(Stored data)
:::
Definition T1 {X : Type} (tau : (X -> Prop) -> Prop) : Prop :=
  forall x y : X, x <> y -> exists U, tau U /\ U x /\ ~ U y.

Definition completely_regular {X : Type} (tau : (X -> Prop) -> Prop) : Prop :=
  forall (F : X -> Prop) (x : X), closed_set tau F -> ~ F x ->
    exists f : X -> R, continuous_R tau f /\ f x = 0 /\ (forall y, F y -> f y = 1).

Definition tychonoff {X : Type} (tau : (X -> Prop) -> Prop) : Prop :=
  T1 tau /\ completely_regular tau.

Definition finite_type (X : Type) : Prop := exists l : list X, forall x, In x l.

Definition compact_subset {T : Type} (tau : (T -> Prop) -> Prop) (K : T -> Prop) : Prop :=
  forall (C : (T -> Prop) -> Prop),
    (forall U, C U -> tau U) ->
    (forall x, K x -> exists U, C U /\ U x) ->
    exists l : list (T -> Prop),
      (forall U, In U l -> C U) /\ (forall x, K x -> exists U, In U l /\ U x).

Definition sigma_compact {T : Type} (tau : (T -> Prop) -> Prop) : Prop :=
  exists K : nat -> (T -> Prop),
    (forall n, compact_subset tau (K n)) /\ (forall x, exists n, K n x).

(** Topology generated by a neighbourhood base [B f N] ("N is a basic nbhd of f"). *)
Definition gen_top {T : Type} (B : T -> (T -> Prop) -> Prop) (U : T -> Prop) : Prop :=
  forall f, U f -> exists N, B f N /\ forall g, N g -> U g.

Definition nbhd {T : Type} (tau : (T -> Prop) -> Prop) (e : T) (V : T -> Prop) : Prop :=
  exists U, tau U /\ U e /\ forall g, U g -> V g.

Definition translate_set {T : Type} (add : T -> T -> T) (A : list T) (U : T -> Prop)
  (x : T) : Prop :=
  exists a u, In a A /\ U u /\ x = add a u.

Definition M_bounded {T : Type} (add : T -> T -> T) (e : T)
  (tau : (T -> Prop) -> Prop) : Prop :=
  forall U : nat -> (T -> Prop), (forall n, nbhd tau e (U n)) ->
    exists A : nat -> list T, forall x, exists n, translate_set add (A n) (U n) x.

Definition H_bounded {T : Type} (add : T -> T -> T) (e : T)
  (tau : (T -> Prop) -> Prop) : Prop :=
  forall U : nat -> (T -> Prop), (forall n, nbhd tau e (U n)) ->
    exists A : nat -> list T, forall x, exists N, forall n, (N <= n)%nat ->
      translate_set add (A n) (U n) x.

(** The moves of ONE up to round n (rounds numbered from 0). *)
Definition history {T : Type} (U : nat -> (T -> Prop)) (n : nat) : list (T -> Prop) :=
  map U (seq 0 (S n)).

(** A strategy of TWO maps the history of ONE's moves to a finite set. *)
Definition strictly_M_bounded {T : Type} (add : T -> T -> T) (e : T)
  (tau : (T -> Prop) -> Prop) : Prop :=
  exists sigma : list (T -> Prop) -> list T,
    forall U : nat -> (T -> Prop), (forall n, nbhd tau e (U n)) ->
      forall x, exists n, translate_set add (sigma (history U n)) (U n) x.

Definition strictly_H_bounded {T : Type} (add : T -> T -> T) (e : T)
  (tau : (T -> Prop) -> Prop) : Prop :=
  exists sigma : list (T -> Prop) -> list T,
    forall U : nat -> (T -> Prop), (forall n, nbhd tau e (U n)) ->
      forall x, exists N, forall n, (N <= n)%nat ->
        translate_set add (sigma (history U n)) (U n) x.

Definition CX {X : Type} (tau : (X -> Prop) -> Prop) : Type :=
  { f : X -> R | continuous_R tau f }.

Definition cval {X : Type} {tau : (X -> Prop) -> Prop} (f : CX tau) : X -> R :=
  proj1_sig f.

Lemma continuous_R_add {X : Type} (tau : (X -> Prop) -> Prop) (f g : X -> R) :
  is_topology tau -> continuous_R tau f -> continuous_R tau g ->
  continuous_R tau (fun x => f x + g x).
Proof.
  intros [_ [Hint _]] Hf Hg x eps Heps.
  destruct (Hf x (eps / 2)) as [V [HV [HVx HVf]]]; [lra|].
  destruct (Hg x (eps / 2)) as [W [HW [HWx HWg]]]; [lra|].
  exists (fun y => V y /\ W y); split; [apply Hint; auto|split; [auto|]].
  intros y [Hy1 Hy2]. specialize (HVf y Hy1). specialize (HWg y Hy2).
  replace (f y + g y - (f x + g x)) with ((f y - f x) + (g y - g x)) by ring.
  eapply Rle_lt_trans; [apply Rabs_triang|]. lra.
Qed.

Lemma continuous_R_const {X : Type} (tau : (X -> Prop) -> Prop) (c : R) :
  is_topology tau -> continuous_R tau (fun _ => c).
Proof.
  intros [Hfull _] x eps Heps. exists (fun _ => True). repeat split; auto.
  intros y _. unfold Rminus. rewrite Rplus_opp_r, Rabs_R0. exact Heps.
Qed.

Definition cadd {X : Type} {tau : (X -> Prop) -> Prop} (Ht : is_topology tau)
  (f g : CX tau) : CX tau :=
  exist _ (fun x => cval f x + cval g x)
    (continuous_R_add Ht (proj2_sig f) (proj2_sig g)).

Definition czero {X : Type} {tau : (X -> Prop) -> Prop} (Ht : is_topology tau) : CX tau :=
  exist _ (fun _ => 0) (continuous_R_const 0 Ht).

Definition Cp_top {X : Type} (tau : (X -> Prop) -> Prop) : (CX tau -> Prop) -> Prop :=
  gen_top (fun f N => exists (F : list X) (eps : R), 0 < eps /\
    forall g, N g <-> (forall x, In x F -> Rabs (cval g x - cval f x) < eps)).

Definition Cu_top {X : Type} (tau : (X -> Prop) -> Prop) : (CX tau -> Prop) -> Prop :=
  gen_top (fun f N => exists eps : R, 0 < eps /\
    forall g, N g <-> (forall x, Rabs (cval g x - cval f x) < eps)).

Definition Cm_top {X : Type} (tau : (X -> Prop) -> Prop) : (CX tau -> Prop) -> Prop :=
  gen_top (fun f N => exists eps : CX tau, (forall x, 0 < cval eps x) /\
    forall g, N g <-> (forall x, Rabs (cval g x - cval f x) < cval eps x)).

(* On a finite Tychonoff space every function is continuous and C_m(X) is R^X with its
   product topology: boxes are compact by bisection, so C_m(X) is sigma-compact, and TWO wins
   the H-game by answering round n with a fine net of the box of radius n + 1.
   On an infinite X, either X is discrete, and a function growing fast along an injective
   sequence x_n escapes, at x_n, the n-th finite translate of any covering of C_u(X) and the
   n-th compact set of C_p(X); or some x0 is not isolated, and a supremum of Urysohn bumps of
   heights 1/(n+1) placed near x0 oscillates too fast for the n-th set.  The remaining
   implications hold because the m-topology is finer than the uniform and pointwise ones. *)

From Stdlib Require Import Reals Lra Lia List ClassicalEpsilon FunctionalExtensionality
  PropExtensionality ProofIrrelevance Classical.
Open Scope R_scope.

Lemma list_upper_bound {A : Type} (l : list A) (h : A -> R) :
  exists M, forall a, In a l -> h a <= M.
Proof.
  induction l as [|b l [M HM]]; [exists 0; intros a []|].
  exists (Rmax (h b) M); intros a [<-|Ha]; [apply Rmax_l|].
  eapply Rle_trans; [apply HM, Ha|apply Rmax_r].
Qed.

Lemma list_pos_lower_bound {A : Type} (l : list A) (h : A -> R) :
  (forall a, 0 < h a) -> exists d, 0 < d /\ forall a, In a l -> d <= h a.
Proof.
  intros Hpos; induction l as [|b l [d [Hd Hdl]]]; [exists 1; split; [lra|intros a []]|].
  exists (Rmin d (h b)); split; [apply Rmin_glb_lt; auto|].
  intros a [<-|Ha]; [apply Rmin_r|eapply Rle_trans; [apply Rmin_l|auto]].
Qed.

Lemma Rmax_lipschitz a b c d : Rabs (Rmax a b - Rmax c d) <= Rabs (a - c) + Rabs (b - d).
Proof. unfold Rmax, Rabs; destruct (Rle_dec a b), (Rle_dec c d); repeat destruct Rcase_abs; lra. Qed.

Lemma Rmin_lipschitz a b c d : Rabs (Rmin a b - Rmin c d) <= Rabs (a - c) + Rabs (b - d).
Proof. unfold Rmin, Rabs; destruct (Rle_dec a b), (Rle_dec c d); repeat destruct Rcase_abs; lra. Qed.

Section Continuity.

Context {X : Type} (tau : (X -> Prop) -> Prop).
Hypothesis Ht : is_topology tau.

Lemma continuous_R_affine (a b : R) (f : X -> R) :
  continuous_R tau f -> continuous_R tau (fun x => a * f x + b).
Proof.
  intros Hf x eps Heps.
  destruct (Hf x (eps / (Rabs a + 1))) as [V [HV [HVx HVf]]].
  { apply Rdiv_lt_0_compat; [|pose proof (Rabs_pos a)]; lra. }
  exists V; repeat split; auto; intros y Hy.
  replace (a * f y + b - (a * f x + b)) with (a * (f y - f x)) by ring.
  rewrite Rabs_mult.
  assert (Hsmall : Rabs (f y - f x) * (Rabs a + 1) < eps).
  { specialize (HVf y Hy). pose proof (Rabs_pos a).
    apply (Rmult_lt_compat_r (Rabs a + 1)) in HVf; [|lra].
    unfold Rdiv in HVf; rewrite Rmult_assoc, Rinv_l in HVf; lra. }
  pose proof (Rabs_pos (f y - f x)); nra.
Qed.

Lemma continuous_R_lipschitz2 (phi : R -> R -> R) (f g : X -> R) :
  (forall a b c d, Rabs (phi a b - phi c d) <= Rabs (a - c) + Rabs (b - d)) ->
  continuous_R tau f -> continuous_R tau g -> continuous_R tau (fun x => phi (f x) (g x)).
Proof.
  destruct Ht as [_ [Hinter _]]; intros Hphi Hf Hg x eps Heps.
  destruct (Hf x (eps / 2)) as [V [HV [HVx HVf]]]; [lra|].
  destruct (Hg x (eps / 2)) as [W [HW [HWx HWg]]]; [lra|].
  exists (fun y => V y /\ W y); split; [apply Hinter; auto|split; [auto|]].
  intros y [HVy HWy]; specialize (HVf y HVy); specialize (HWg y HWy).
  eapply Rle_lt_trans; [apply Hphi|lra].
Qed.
:::
Task description:
Lines from the start of the entries through the one containing "(forall n, compact_subset" are to be set down again exactly, both ends included.

Expected output:
Definition T1 {X : Type} (tau : (X -> Prop) -> Prop) : Prop :=
  forall x y : X, x <> y -> exists U, tau U /\ U x /\ ~ U y.

Definition completely_regular {X : Type} (tau : (X -> Prop) -> Prop) : Prop :=
  forall (F : X -> Prop) (x : X), closed_set tau F -> ~ F x ->
    exists f : X -> R, continuous_R tau f /\ f x = 0 /\ (forall y, F y -> f y = 1).

Definition tychonoff {X : Type} (tau : (X -> Prop) -> Prop) : Prop :=
  T1 tau /\ completely_regular tau.

Definition finite_type (X : Type) : Prop := exists l : list X, forall x, In x l.

Definition compact_subset {T : Type} (tau : (T -> Prop) -> Prop) (K : T -> Prop) : Prop :=
  forall (C : (T -> Prop) -> Prop),
    (forall U, C U -> tau U) ->
    (forall x, K x -> exists U, C U /\ U x) ->
    exists l : list (T -> Prop),
      (forall U, In U l -> C U) /\ (forall x, K x -> exists U, In U l /\ U x).

Definition sigma_compact {T : Type} (tau : (T -> Prop) -> Prop) : Prop :=
  exists K : nat -> (T -> Prop),
    (forall n, compact_subset tau (K n)) /\ (forall x, exists n, K n x).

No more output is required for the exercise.